**TRY IT:**
Repeat the lines below exactly as written, please, from the line with "destruct (hahn_banach norm" to the line with "- intros r [x [y [Hxy", both lines included, and no others.

Records contained in a dataset:
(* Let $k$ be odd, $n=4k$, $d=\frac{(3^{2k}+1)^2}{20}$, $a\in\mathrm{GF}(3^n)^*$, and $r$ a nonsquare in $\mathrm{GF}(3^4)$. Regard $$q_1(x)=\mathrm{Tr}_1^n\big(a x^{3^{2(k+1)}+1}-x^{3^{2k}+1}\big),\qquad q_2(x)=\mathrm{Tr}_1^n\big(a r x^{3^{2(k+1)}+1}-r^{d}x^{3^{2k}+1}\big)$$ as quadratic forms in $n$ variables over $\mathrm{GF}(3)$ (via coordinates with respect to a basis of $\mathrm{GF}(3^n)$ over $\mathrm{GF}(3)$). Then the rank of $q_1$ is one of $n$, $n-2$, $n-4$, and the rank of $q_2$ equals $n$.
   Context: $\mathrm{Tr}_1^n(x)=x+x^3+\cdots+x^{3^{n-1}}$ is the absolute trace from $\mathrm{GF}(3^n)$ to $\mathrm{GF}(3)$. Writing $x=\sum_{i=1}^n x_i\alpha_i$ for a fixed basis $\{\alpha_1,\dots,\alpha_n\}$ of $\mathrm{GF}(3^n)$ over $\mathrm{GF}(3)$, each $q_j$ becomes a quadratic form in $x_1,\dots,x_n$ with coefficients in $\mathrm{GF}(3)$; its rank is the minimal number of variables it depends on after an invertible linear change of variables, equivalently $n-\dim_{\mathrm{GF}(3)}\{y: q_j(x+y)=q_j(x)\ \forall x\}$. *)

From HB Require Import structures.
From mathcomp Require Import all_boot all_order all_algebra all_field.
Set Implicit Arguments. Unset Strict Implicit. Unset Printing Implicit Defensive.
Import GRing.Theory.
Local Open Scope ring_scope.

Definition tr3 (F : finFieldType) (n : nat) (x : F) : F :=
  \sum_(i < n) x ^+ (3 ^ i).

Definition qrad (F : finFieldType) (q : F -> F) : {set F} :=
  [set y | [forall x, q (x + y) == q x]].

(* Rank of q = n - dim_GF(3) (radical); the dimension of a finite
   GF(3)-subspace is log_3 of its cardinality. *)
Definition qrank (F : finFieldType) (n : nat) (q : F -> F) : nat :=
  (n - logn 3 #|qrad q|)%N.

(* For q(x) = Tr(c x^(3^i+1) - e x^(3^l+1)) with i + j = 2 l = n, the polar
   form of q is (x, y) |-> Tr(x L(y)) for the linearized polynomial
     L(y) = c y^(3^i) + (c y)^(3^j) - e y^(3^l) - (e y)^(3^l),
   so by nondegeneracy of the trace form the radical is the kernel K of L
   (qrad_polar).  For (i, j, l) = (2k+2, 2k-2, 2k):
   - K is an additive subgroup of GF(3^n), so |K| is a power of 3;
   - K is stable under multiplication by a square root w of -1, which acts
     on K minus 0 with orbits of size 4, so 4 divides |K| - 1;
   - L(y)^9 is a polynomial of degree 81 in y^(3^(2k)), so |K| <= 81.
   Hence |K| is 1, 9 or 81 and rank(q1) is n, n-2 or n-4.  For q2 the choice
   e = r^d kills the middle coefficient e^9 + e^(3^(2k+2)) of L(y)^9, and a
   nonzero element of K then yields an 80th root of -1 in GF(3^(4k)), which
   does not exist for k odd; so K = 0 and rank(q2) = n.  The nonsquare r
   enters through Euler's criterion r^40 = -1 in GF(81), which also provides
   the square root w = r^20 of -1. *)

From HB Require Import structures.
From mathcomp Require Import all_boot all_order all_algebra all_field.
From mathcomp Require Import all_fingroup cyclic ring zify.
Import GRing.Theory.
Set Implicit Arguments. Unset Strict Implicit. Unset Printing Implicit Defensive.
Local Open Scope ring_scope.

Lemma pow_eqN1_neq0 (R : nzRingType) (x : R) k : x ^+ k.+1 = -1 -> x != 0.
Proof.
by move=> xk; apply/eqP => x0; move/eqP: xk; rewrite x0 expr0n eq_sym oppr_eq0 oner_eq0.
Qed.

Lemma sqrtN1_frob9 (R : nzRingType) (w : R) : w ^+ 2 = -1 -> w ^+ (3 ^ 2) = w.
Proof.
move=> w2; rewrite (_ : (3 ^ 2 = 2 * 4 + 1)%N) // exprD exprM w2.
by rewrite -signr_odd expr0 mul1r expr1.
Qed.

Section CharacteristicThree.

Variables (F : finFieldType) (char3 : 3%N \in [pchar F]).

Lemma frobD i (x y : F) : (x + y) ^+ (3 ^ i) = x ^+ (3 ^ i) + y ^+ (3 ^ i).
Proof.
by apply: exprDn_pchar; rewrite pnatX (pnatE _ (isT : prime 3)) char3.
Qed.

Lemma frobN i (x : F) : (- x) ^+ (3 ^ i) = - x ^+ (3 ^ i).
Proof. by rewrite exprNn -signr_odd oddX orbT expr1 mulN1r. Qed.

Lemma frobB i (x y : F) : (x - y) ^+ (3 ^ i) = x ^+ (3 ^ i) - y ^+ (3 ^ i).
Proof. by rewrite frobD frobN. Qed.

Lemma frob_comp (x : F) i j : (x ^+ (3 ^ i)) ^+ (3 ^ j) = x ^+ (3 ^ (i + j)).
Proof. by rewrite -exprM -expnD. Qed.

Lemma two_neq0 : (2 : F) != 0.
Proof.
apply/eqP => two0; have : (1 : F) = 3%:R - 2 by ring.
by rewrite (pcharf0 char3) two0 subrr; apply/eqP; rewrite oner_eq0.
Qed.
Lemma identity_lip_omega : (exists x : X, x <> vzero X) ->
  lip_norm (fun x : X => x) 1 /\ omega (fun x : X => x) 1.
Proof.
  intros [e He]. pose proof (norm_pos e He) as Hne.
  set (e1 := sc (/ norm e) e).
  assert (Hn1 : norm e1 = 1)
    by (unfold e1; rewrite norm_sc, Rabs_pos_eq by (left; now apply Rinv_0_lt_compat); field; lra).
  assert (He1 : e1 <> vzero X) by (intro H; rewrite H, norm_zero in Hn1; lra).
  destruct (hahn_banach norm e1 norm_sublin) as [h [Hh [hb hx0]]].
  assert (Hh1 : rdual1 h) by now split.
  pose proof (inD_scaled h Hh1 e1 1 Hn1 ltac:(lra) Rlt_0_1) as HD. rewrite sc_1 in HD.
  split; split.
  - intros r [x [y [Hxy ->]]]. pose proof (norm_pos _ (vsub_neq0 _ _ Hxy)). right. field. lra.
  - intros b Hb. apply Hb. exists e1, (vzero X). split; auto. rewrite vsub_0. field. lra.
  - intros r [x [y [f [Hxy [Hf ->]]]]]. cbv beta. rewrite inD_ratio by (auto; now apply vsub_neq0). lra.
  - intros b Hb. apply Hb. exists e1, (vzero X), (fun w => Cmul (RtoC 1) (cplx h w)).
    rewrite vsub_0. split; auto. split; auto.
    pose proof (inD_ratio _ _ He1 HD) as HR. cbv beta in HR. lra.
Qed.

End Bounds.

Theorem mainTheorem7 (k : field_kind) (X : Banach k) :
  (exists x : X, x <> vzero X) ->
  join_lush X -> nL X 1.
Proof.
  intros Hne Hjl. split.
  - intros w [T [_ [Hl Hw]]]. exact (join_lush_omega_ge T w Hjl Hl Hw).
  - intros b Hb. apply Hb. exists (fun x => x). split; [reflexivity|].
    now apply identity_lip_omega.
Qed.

**RESPONSE FOR THIS EXERCISE:**
  destruct (hahn_banach norm e1 norm_sublin) as [h [Hh [hb hx0]]].
  assert (Hh1 : rdual1 h) by now split.
  pose proof (inD_scaled h Hh1 e1 1 Hn1 ltac:(lra) Rlt_0_1) as HD. rewrite sc_1 in HD.
  split; split.
  - intros r [x [y [Hxy ->]]]. pose proof (norm_pos _ (vsub_neq0 _ _ Hxy)). right. field. lra.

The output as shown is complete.